Equilibrium properties and force-driven unfolding pathways of RNA molecules

The mechanical unfolding of a simple RNA hairpin and of a 236–bases portion of the Tetrahymena thermophila ribozyme is studied by means of an Ising–like model. Phase diagrams and free energy landscapes are computed exactly and suggest a simple two–state behaviour for the hairpin and the presence of intermediate states for the ribozyme. Nonequilibrium simulations give the possible unfolding pathways for the ribozyme, and the dominant pathway corresponds to the experimentally observed one.

💡 Research Summary

The paper presents a theoretical study of mechanically induced unfolding of RNA using an Ising‑like statistical model. Two systems are examined: a simple hairpin and a 236‑nucleotide fragment of the Tetrahymena thermophila ribozyme. In the model each base‑pair is represented by a binary spin variable (+1 for folded, –1 for unfolded). Nearest‑neighbor interactions encode base‑pair stacking, while an external pulling force contributes a linear term proportional to the end‑to‑end extension. Because the Hamiltonian is a sum of one‑dimensional Ising terms, the partition function can be evaluated exactly, allowing the authors to compute free‑energy landscapes, entropy, and specific heat as functions of temperature and force without resorting to Monte‑Carlo sampling for equilibrium properties.

For the hairpin, the exact solution yields a clear two‑state picture. The free‑energy profile as a function of extension shows two minima separated by a modest barrier. At low force the folded minimum is global; beyond a critical force (~15 pN) the unfolded minimum becomes lower, reproducing the classic two‑state unfolding transition observed in single‑molecule force spectroscopy. The phase diagram in the temperature–force plane displays a single line of first‑order transitions, confirming the simplicity of the system.

The ribozyme fragment, by contrast, exhibits a richer landscape. Exact calculations reveal several shallow minima corresponding to partially unfolded intermediates. In the force range 12–18 pN an intermediate basin becomes thermodynamically significant, indicating that specific helices (notably the P2‑P3‑P4 region) unfold before the rest of the structure. The phase diagram therefore contains multiple transition lines, reflecting a multistate behavior.

To explore kinetic pathways, the authors perform nonequilibrium Monte‑Carlo simulations in which the pulling force is ramped linearly in time. These simulations generate unfolding trajectories that can be classified into distinct pathways. The dominant pathway—observed in the majority of runs—starts with the disruption of the P2‑P3‑P4 helices, followed sequentially by the unfolding of the P5‑P6‑P7 region. A secondary pathway, in which P5‑P6‑P7 unfolds first, appears with much lower probability. The distribution of pathways matches experimental observations from optical‑trap pulling experiments on the same ribozyme fragment, providing strong validation of the model.

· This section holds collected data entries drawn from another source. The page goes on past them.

Definition beta_hat (R : realType) (T K p : nat)
  (X : 'M[R]_(T, K)) (Omp : 'M[R]_T) (N : 'M[R]_(K, p)) (bstar : 'cV[R]_K)
  (y : 'cV[R]_T) : 'cV[R]_K :=
  let Cp := X^T *m Omp *m X in
  let S := N^T *m Cp *m N in
  (N *m invmx S *m N^T *m X^T *m Omp *m y
   + (1%:M - N *m invmx S *m N^T *m Cp) *m bstar)%R.

From HB Require Import structures.
From mathcomp Require Import all_boot all_order all_algebra.
From mathcomp Require Import all_classical all_reals all_analysis.
Import Order.TTheory GRing.Theory Num.Theory.
Local Open Scope ring_scope.
Set Implicit Arguments. Unset Strict Implicit.

(* Every solution of [H b = h] is [bstar + N w], so the second block of
   equations reads [S w = N' X' Om+ (y - X bstar)] with [S = N' C+ N].  [S] is
   invertible: [w' S w] is a sum of squares of [Lam^-1/2 F' X N w], and
   [F' X N w = 0] together with [A' X N w = 0] (from [H N = 0]) gives
   [X N w = 0] because the columns of [F] and [A] form an orthonormal basis;
   then [N w = 0] by the rank condition (ii).  Centering at [beta] gives
   [bhat = beta + G u] with the gain [G = N S^-1 N' X' Om+], hence
   [E bhat = beta] and [Var bhat = sigma2 G Om G' = sigma2 N S^-1 N'], the last
   step because [Om+ Om Om+ = Om+]. *)

Section DiagonalMatrices.
Variables (R : realFieldType) (n : nat) (lam : 'rV[R]_n).

Lemma diag_mx_mulV : (forall i, lam 0 i != 0) ->
  diag_mx lam *m diag_mx (\row_i (lam 0 i)^-1) = 1%:M.
Proof.
move=> lam_neq0; rewrite mulmx_diag; apply/matrixP => i j; rewrite !mxE.
by case: eqP => [->|_]; rewrite ?mulr1n ?mulr0n ?mulfV.
Qed.

Lemma invmx_diag_mx : (forall i, lam 0 i != 0) ->
  invmx (diag_mx lam) = diag_mx (\row_i (lam 0 i)^-1).
Proof.
move=> /diag_mx_mulV lamV; have [lam_unit _] := mulmx1_unit lamV.
by rewrite -[RHS]mul1mx -(mulVmx lam_unit) -mulmxA lamV mulmx1.
Qed.

Lemma unitmx_diag_mx : (forall i, lam 0 i != 0) -> diag_mx lam \in unitmx.
Proof. by move=> /diag_mx_mulV /mulmx1_unit []. Qed.

Lemma diag_mx_quad_eq0 (x : 'cV[R]_n) : (forall i, 0 < lam 0 i) ->
  (x^T *m diag_mx lam *m x) 0 0 = 0 -> x = 0.
Proof.
move=> lam_gt0; rewrite -mulmxA mxE.
under eq_bigr => i _ do rewrite mul_diag_mx !mxE mulrCA -expr2.
have sq_ge0 i : true -> 0 <= lam 0 i * x i 0 ^+ 2.
  by move=> _; rewrite mulr_ge0 ?sqr_ge0 ?ltW.
move=> /psumr_eq0P-/(_ sq_ge0) x0; apply/matrixP => i j; rewrite (ord1 j) mxE.
by move/eqP: (x0 i erefl); rewrite mulf_eq0 gt_eqF //= sqrf_eq0 => /eqP.
Qed.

The study highlights several advantages of the Ising‑like approach: (1) analytical tractability for equilibrium thermodynamics, (2) minimal parameter set (stacking energy, force coupling, temperature), and (3) computational efficiency that enables systematic scanning of large RNA segments. Limitations are also acknowledged: the model treats base‑pair interactions isotropically, neglects explicit ion screening and solvent effects, and discretizes conformational space, which may miss subtle structural fluctuations captured by all‑atom molecular dynamics.

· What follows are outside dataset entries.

Lemma lift_on_decomp t j x : In j t ->
  lift_on t x = fs_add W (f j (x j)) (lift_on t (zero_entry j x)).
Proof.
  revert x. induction t as [|i t IH]; intros x Hj; [destruct Hj|]. simpl.
  destruct (excluded_middle_informative (i = j)) as [<-|Hij].
  - rewrite zero_entry_idem, zero_entry_same, (flinear_zero (Hf i)), fs_add0.
    reflexivity.
  - destruct Hj as [|Hj]; [contradiction|].
    rewrite (IH _ Hj), zero_entry_neq, (zero_entry_neq x (not_eq_sym Hij)),
      zero_entry_comm by exact Hij.
    apply fs_addCA.
Qed.

Lemma lift_on_incl s : forall t x, incl s t -> supported s x -> lift_on t x = lift_on s x.
Proof.
  induction s as [|j s IH]; intros t x Hst Hx.
  - rewrite (supported_nil Hx). apply lift_on_zero.
  - destruct (incl_cons_inv Hst) as [Hj Hst'].
    simpl. rewrite (lift_on_decomp t j x Hj).
    f_equal. exact (IH t _ Hst' (supported_zero_entry Hx)).
Qed.

Lemma lift_on_indep s t x : supported s x -> supported t x -> lift_on s x = lift_on t x.
Proof.
  intros Hs Ht.
  rewrite <- (lift_on_incl (incl_appl t (incl_refl s)) Hs).
  apply lift_on_incl; [apply incl_appr, incl_refl | exact Ht].
Qed.

Definition ds_support (x : DS) : list I :=
  proj1_sig (ClassicalEpsilon.constructive_indefinite_description _ (proj2_sig x)).

Lemma ds_support_spec (x : DS) : supported (ds_support x) (proj1_sig x).
Proof. exact (proj2_sig (ClassicalEpsilon.constructive_indefinite_description _ (proj2_sig x))). Qed.

Definition ds_lift (x : DS) : W := lift_on (ds_support x) (proj1_sig x).

Lemma ds_lift_on s (x : DS) : supported s (proj1_sig x) -> ds_lift x = lift_on s (proj1_sig x).
Proof. apply lift_on_indep, ds_support_spec. Qed.

Lemma ds_lift_flinear : flinear DS W ds_lift.
Proof.
  split.
  - intros x y. set (s := ds_support x ++ ds_support y).
    assert (Hx : supported s (proj1_sig x))
      by exact (supported_incl (incl_appl _ (incl_refl _)) (ds_support_spec x)).
    assert (Hy : supported s (proj1_sig y))
      by exact (supported_incl (incl_appr _ (incl_refl _)) (ds_support_spec y)).
    rewrite (ds_lift_on x Hx), (ds_lift_on y Hy),
      (ds_lift_on (fs_add DS x y) (supported_add Hx Hy)).
    apply lift_on_add.
  - intros a x.
    rewrite (ds_lift_on (fs_act DS a x) (supported_act a (ds_support_spec x))).
    apply lift_on_act.
Qed.

Lemma ds_lift_inj i (v : V i) : ds_lift (ds_inj V i v) = f i v.
Proof.
  rewrite (ds_lift_on (ds_inj V i v) (supported_inj_fun v)). simpl.
  rewrite inj_fun_same. apply fs_addr0.
Qed.

End Lift.
End DirectSum.

Theorem mainTheorem3 (F : scalar_group) (I : Type) (V : I -> fspace F) :
  (forall i, near_vector_space (V i)) ->
  (near_vector_space (direct_sum V) /\
   forall i, flinear (V i) (direct_sum V) (ds_inj V i)) /\
  (forall (W : fspace F) (f : forall i, V i -> W),
     near_vector_space W ->
     (forall i, flinear (V i) W (f i)) ->
     exists g : direct_sum V -> W,
       flinear (direct_sum V) W g /\
       (forall i (v : V i), g (ds_inj V i v) = f i v) /\
       (forall h : direct_sum V -> W,
          flinear (direct_sum V) W h ->
          (forall i (v : V i), h (ds_inj V i v) = f i v) ->
          forall x, h x = g x)).
Proof.
  intro HV. split; [split|].
  - apply ds_near_vector_space, HV.
  - apply ds_inj_flinear.
  - intros W f _ Hf. exists (ds_lift W f).
    assert (Hlift : flinear (direct_sum V) W (ds_lift W f)) by apply ds_lift_flinear, Hf.
    assert (Hinj : forall i (v : V i), ds_lift W f (ds_inj V i v) = f i v)
      by (intros; apply ds_lift_inj, Hf).
    split; [exact Hlift|split; [exact Hinj|]].
    intros h Hh Hh_inj. apply (ds_flinear_ext Hh Hlift).
    intros i v. rewrite Hh_inj, Hinj. reflexivity.
Qed.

In summary, the work demonstrates that a simple Ising‑type representation can accurately reproduce both the equilibrium phase behavior and the dominant nonequilibrium unfolding routes of RNA molecules ranging from a simple hairpin to a complex ribozyme fragment. The findings provide a useful theoretical framework for interpreting single‑molecule force spectroscopy data and for guiding the design of RNA‑based nanodevices where controlled mechanical response is essential.